So when I had been setting my personal theatrical outlook, knowing that these were films she wanted to see, I thought her desire to see them was enough information to act on. And because she's sweet and loath to make conflict, she's been acquiescing without me even knowing it. She's essentially been placating me for weeks, maybe months, maybe years now.

The difficulty really arises in the fact that going to the movies is considered by most people to be an essentially social experience. It's fair to say that there are many, many people who are not comfortable going to the movies by themselves, any more than they would be comfortable going to an expensive restaurant and eating by themselves.

Neither my wife nor I share this feeling. I do enjoy going with her to the movies more than going by myself, but I'm perfectly happy to go alone, and she is only slightly less so. So my thinking has been, "I want to go to this movie, now. If you come with me, it'll save some logistical awkwardness later on, when you have to watch it by yourself at home on DVD. Plus, I enjoy your company. But if you don't want to come with me, at least let me see it on my own schedule."

While I have constructed these semantics to make it seem like I am being fair and logical, really what I am saying is "I am going to see this movie this weekend regardless of whether you come with me or not." I'm flexible to the extent that I will delay the viewing if I can get her to commit to a later date, like the next weekend. We struggled through this with Paranormal Activity, and in fact, I think the reason she went at all was that I expressed such dismay at having to wait something like three weeks before finally seeing it.

But however you slice it, I am basically getting what I want in this scenario. I want to see the movie. And, come hell or high water, I will see it.

But marriage is about compromise, about not always getting what you want. And just because being a film critic gives me an extra excuse to be pushy, the fact of the matter is, I'm not seeing most of these movies for work. I'm seeing them so I can get as close as possible to a definitive representation of movies released in 2009, so I can rank them from 1 to whatever. And when you come right down to it, this is a personal project that is really useful only to myself. I post it on my blog and I'm sure my readers have a passing interest in my rankings, but I'm the only person who really cares whether I saw 79 or 89 movies that came out in 2009.

So as we discussed all this stuff on the drive home, I came up with a solution. We will alternate being the driving force behind each theatrical screening. I will still be able to sneak off by myself to movies she isn't interested in, but for the ones we're both interested in, we will take turns deciding which title that is. She loved that idea.
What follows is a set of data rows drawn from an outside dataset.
Lemma Qlim_is_zp x j : in_D p (nn g) x -> (1 <= j)%N -> is_zp p (Qlim j x).
Proof.
move=> hx hj k; split.
  rewrite pint_Zp_loc //; apply: Qsum_Zp => //; first exact: binr_integral_half.
  by move=> i hi; apply: pideal_Zp (in_D_level k hx hi).
move=> m le_km; rewrite pdvd_pideal // /Qlim /Qeval.
rewrite -[X in X - _](subrK (Qsum g l minus_half (k + l) j (fun i => x i m))) -addrA.
apply: rpredD.
  apply: Qsum_tail => //; [by rewrite leqnn leq_add2r | exact: binr_integral_half |].
  by move=> i hi; apply: pideal_le (in_D_level m hx hi); lia.
apply: Qsum_cong => [b | a]; first by apply/congp_refl/Qcoef_Zp/binr_integral_half.
by apply: Qmon_cong => // i hi; apply: in_D_cong.
Qed.

Lemma Qtrunc_conv : unif_conv p (nn g) (fun N j x => Qeval g l minus_half N j x) Qlim.
Proof.
move=> k; exists (k + l)%N => N le_N x hx j /andP[hj _].
rewrite /zp_eqmod pdvd_pideal // /Qlim /Qeval.
apply: Qsum_tail => //; [by rewrite leqnn le_N | exact: binr_integral_half |].
by move=> i hi; apply: in_D_level.
Qed.

Lemma Qls_conv :
  unif_conv p (nn g) (fun s j x => Qeval g l (halfpow p s)%:R (halfpow p s) j x) Qlim.
Proof.
move=> k; exists (k + l + (k + l)`!)%N => s le_s x hx j /andP[hj _].
have le_s_half := halfpow_ge p_prime p_odd s.
have s_gt0 : (0 < s)%N by have := fact_gt0 (k + l); lia.
rewrite /zp_eqmod pdvd_pideal // /Qlim /Qeval.
rewrite -[X in X - _](subrK (Qsum g l (halfpow p s)%:R (k + l) j (fun i => x i k))) -addrA.
apply: rpredD.
  apply: Qsum_tail => //; [by rewrite leqnn /=; lia | exact: binr_integral_halfpow |].
  by move=> i hi; apply: in_D_level.
apply: Qsum_cong => [b | a]; last first.
  by apply/congp_refl/Qmon_Zp => // i hi; apply: pideal_Zp (in_D_level k hx hi).
apply: (@Qcoef_cong p g k _ _ j _ (k + l)) => [c le_c | i]; last exact: aget_le.
have cong_t t : (t <= 1)%N ->
    congp p k (binr ((halfpow p s)%:R - t%:R) c) (binr (minus_half - t%:R) c).
  by move=> le_t1; apply: binr_halfpow_cong_large le_c le_t1 _; lia.
by split; [have := cong_t 0%N isT; rewrite !subr0 | exact: (cong_t 1%N)].
Qed.

End Proposition.

Unset Implicit Arguments.

Theorem proposition10p4 (p g l : nat) :
  prime p -> odd p -> (1 <= g)%N -> (1 <= l <= g)%N -> (nn g < p)%N ->
  (* coefficients of Q^l = Q^l[-1/2] lie in Z_p *)
  (forall (j : nat) (a : nat -> nat), (1 <= j <= nn g)%N -> Qcond g l j a ->
      pint p (Qcoef g (- (1 / 2%:R)) j a)) /\
  exists F : nat -> (nat -> nat -> rat) -> nat -> rat,
    (forall x, in_D p (nn g) x -> forall j, (1 <= j <= nn g)%N -> is_zp p (F j x)) /\
    (* partial sums (0 <= a_i <= N) of Q^l converge uniformly to F *)
    unif_conv p (nn g) (fun N j x => Qeval g l (- (1 / 2%:R)) N j x) F /\
    (* Q^{l,s} = Q^l[(p^s-1)/2] (0 <= a_i <= (p^s-1)/2) converge uniformly to F *)
    unif_conv p (nn g)
      (fun s j x => Qeval g l ((p ^ s).-1./2)%:R ((p ^ s).-1./2) j x) F.
Proof.
move=> p_prime p_odd _ l_range _; split.
  by move=> j a _ _; rewrite pint_Zp_loc //; apply/Qcoef_Zp/binr_integral_half.
exists (Qlim g l); split; last split.
- by move=> x hx j /andP[hj _]; apply: Qlim_is_zp.
- exact: Qtrunc_conv.
- exact: Qls_conv.
Qed.
(* Let $D$ be a real division algebra with $\dim_{\mathbb{R}} D \geq 2$, and let $n \geq 0$. Let \[ f_n : D^n \times D^n \to D^n,\quad ((a_1,\ldots,a_n),(b_1,\ldots,b_n)) \mapsto (a_1 b_1, \ldots, a_n b_n) \] be componentwise multiplication, regarded as an $\mathbb{R}$-bilinear map. Then $Q(f_n) \leq n d$, where $d = \tfrac{1}{2}\dim_{\mathbb{R}} D$.
   Context: A real division algebra is a finite-dimensional real vector space $D$ with an $\mathbb{R}$-bilinear multiplication $D \times D \to D$, $(a,b)\mapsto ab$, such that for every nonzero $a \in D$ the left multiplication $b \mapsto ab$ is invertible; no associativity or other conditions are imposed. For an $\mathbb{R}$-bilinear map $f : U \times V \to W$ between finite-dimensional real vector spaces, its subrank $Q(f)$ is the largest $r$ such that there exist $\mathbb{R}$-linear maps $\varphi_1 : \mathbb{R}^r \to U$, $\varphi_2 : \mathbb{R}^r \to V$, $\varphi_3 : W \to \mathbb{R}^r$ with $\varphi_3(f(\varphi_1(a), \varphi_2(b))) = (a_1b_1,\ldots,a_rb_r)$ for all $a,b \in \mathbb{R}^r$ (equivalently, the subrank of the corresponding tensor in $U^*\otimes V^*\otimes W$). *)

From HB Require Import structures.
From mathcomp Require Import all_boot all_order all_algebra.
From mathcomp Require Import reals.
Set Implicit Arguments. Unset Strict Implicit. Unset Printing Implicit Defensive.
Import Order.TTheory GRing.Theory Num.Theory.
Local Open Scope ring_scope.

Section Defs.
Variable R : realType.

Definition Rlin (U V : lmodType R) (g : U -> V) : Prop :=
  forall (k : R) (x y : U), g (k *: x + y) = k *: g x + g y.

Definition Rbilin (U V W : lmodType R) (f : U -> V -> W) : Prop :=
  (forall u, Rlin (f u)) /\ (forall v, Rlin (fun u => f u v)).

Definition division_algebra (D : vectType R) (mul : D -> D -> D) : Prop :=
  Rbilin mul /\ forall a : D, a != 0 -> bijective (mul a).
Lemma is_derive_ln1D (x : R) : -1 < x ->
  is_derive x 1 (fun y => ln (1 + y)) (1 + x)^-1.
Proof.
move=> x1; have := is_deriveD (is_derive_cst (1 : R) x 1) (is_derive_id x (1 : R)).
rewrite add0r => D1; have x1' : 0 < 1 + x by lra.
by have := is_derive1_comp (is_derive1_ln x1') D1; rewrite mulr1.
Qed.

Lemma is_derive_ln1Dinv (x : R) : 0 < x ->
  is_derive x 1 (fun y => - ln (1 + y^-1)) (x * (1 + x))^-1.
Proof.
move=> x0; have Dinv := is_deriveV (lt0r_neq0 x0) (is_derive_id x (1 : R)).
have := is_deriveD (is_derive_cst (1 : R) x 1) Dinv; rewrite add0r => D1.
have x1 : 0 < 1 + x^-1 by rewrite ltr_wpDr// invr_ge0 ltW.
have := is_deriveN (is_derive1_comp (g := fun y => 1 + y^-1) (is_derive1_ln x1) D1).
suff -> : (- ((1 + x^-1)^-1 * (- x ^- 2 *: 1)) = (x * (1 + x))^-1) by [].
rewrite scaler1; field; rewrite ?lt0r_neq0 ?mulr_gt0//; lra.
Qed.

Lemma cvgy_inv : (fun x : R => x^-1) x @[x --> +oo] --> 0.
Proof.
apply/(@cvgrVy R R (nbhs +oo) _ (fun x : R => x^-1)).
  by near=> x; rewrite invr_gt0; near: x; exact: nbhs_pinfty_gt.
apply: cvg_trans (cvg_id); apply: near_eq_cvg; near=> x => /=.
by rewrite /unstable.inv_fun invrK.
Unshelve. all: by end_near. Qed.

Lemma integral_inv_mul1D (t : R) : 0 < t ->
  (\int[mu]_(x in `[t, +oo[) ((x * (1 + x))^-1)%:E = (ln (1 + t^-1))%:E)%E.
Proof.
move=> t0; rewrite (@ge0_continuous_FTC2y R _ (fun x => - ln (1 + x^-1)) t 0).
- by rewrite sub0e EFinN oppeK.
- by move=> x tx; rewrite invr_ge0 mulr_ge0//; lra.
- apply: continuous_in_subspaceT => x; rewrite inE /= in_itv /= andbT => tx.
  by apply: continuous_inv_mul1D; lra.
- have : ln (1 + x^-1) @[x --> +oo] --> ln (1 : R).
    apply: (cvg_comp (fun x => 1 + x^-1)); last exact: continuous_ln ltr01.
    by have := cvgD (cvg_cst (1 : R)) cvgy_inv; rewrite addr0; apply.
  by move=> /cvgN; rewrite ln1 oppr0; apply; exact: _.
- by move=> x tx; apply: ex_derive; apply: is_derive_ln1Dinv; lra.
- apply: cvg_at_right_filter.
  by have := cvgN (continuous_ln1Dinv _ t0); apply; exact: _.
- move=> x; rewrite in_itv /= andbT => tx.
  by rewrite derive1E; apply: derive_val; apply: is_derive_ln1Dinv; lra.
Qed.

Lemma integral_inv1D (t : R) : 0 < t ->
  (\int[mu]_(x in `]0%R, t[) ((1 + x)^-1)%:E = (ln (1 + t))%:E)%E.
Proof.
move=> t0; have mf : measurable_fun (pos_dom R) (fun x : R => ((1 + x)^-1)%:E).
  by apply/measurable_EFinP; exact: measurable_inv1D.
have subt b : [set` Interval (BRight 0) b] `<=` pos_dom R.
  by move=> x /=; rewrite pos_domE; move: b => [[] y|[]]; rewrite in_itv /= => /andP[].
rewrite integral_itv_bndo_bndc; last exact: measurable_funS measurable_pos_dom (subt _) mf.
rewrite integral_itv_obnd_cbnd; last exact: measurable_funS measurable_pos_dom (subt _) mf.
rewrite (continuous_FTC2 (F := fun x => ln (1 + x)) t0).
- by rewrite addr0 ln1 sube0.
- apply: continuous_in_subspaceT => x; rewrite inE /= in_itv /= => /andP[x0 _].
  by apply: continuous_inv1D; lra.
- split.
  + move=> x; rewrite in_itv /= => /andP[x0 _].
    by apply: ex_derive; apply: is_derive_ln1D; lra.
  + by apply: cvg_at_right_filter; apply: continuous_ln1D; lra.
  + by apply: cvg_at_left_filter; apply: continuous_ln1D; lra.
- move=> x; rewrite in_itv /= => /andP[x0 _].
  by rewrite derive1E; apply: derive_val; apply: is_derive_ln1D; lra.
Qed.

End kernels.

Section hardy.
Context {R : realType}.
Notation mu := (@lebesgue_measure R).
Implicit Types (f g : R -> R) (x t : R).

Definition head_integral g x : R := Rintegral mu `]0, x] g.
Definition tail_integral g x : R := Rintegral mu `]x, +oo[ g.
Definition hardy_head g x : R := head_integral g x / (x * (1 + x)).
Definition hardy_tail g x : R := tail_integral g x / (1 + x).

Lemma integrable_head_itv g x : L1pos g -> mu.-integrable `]0, x] (EFin \o g).
Proof.
apply: integrableS => //.
by move=> t /=; rewrite pos_domE in_itv /= => /andP[].
Qed.

Lemma integrable_tail_itv g x : 0 <= x -> L1pos g -> mu.-integrable `]x, +oo[ (EFin \o g).
Proof.
move=> x0; apply: integrableS => //.
by move=> t /=; rewrite pos_domE in_itv /= andbT; exact: le_lt_trans.
Qed.

Lemma head_integralE g x : L1pos g ->
  (head_integral g x)%:E = (\int[mu]_(t in `]0%R, x]) (g t)%:E)%E.
Proof. by move=> Ig; rewrite fineK// integrable_fin_num// integrable_head_itv. Qed.

Lemma tail_integralE g x : 0 <= x -> L1pos g ->
  (tail_integral g x)%:E = (\int[mu]_(t in `]x, +oo[) (g t)%:E)%E.
Proof. by move=> x0 Ig; rewrite fineK// integrable_fin_num// integrable_tail_itv. Qed.

Lemma Rintegral_pos_dom_split g x : 0 <= x -> L1pos g ->
  Rintegral mu (pos_dom R) g = head_integral g x + tail_integral g x.
Proof.
move=> x0 Ig; have E : pos_dom R = `]0, x] `|` `]x, +oo[.
  by apply: itv_bndbnd_setU; rewrite bnd_simp.
rewrite E Rintegral_setU -?E//.
apply/disj_setPS => t [] /=; rewrite !in_itv /= andbT => /andP[_ tx] xt.
by move: (le_lt_trans tx xt); rewrite ltxx.
Qed.

Lemma hardy_opE f x : 0 < x -> L1pos f ->
  hardy_op f x = hardy_head f x - hardy_tail f x.
Proof.
move=> x0 If; rewrite /hardy_op (Rintegral_pos_dom_split _ _ (ltW x0) If).
rewrite /hardy_head /hardy_tail /head_integral; field.
by rewrite lt0r_neq0 ?lt0r_neq0//; lra.
Qed.

Section nonneg_integrand.
Variable g : R -> R.
Hypothesis g0 : forall t, 0 < t -> 0 <= g t.

Lemma head_integral_ge0 x : 0 <= head_integral g x.
Proof. by apply: Rintegral_ge0 => t /=; rewrite in_itv /= => /andP[/g0]. Qed.

Lemma tail_integral_ge0 x : 0 <= x -> 0 <= tail_integral g x.
Proof.
move=> x0; apply: Rintegral_ge0 => t /=; rewrite in_itv /= andbT => xt.
by apply: g0; exact: le_lt_trans xt.
Qed.

Lemma hardy_head_ge0 x : 0 < x -> 0 <= hardy_head g x.
Proof.
by move=> x0; rewrite divr_ge0 ?head_integral_ge0// mulr_ge0//; lra.
Qed.

Lemma hardy_tail_ge0 x : 0 < x -> 0 <= hardy_tail g x.
Proof.
by move=> x0; rewrite divr_ge0 ?tail_integral_ge0 ?ltW//; lra.
Qed.

Lemma nondecreasing_head_integral : L1pos g -> nondecreasing_fun (head_integral g).
Proof.
move=> Ig x y xy; rewrite -lee_fin !head_integralE//.
apply: ge0_subset_integral => //.
- exact: measurable_int _ (integrable_head_itv _ _ Ig).
- by move=> t /=; rewrite in_itv /= lee_fin => /andP[/g0].
- by move=> t /=; rewrite !in_itv /= => /andP[-> /le_trans]; apply.
Qed.

End nonneg_integrand.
This method has its problems, too. I have to figure out how to dis-own certain movies I want to see so that she gets credit for "choosing" them. And since I want to see quite a lot of movies -- and want to discuss my interest in seeing them with my wife -- this will be hard indeed. I think the worst outcome of this would be if I started editing myself in my film discussions with my wife. Then it would become a quality of life issue in a different way.

But I also think that just having had this discussion will help -- letting her know that I get where she's coming from. The system won't be, can't be, perfect. But when she realizes I am no longer playing the role of film dictator, she won't feel quite so oppressed, either.

And I think I've been able to smooth over the Invictus issue somewhat. Originally it appeared that my negative prognosis on Invictus had spoiled it as a possibility for a movie date. She no more wanted to drag me to see Invictus than I wanted to drag her to see A Christmas Carol.

But I've come up with plenty of good reasons why I actually, truthfully, want to see Invictus. Sure, it's a sports movie where people's destinies are being discussed. But it's also a movie about Nelson Mandela, starring Morgan Freeman. I haven't seen a Mandela movie before, and I love Freeman. And while we're at it, I've never seen a rugby movie either. I'm always interested in things I've never seen before.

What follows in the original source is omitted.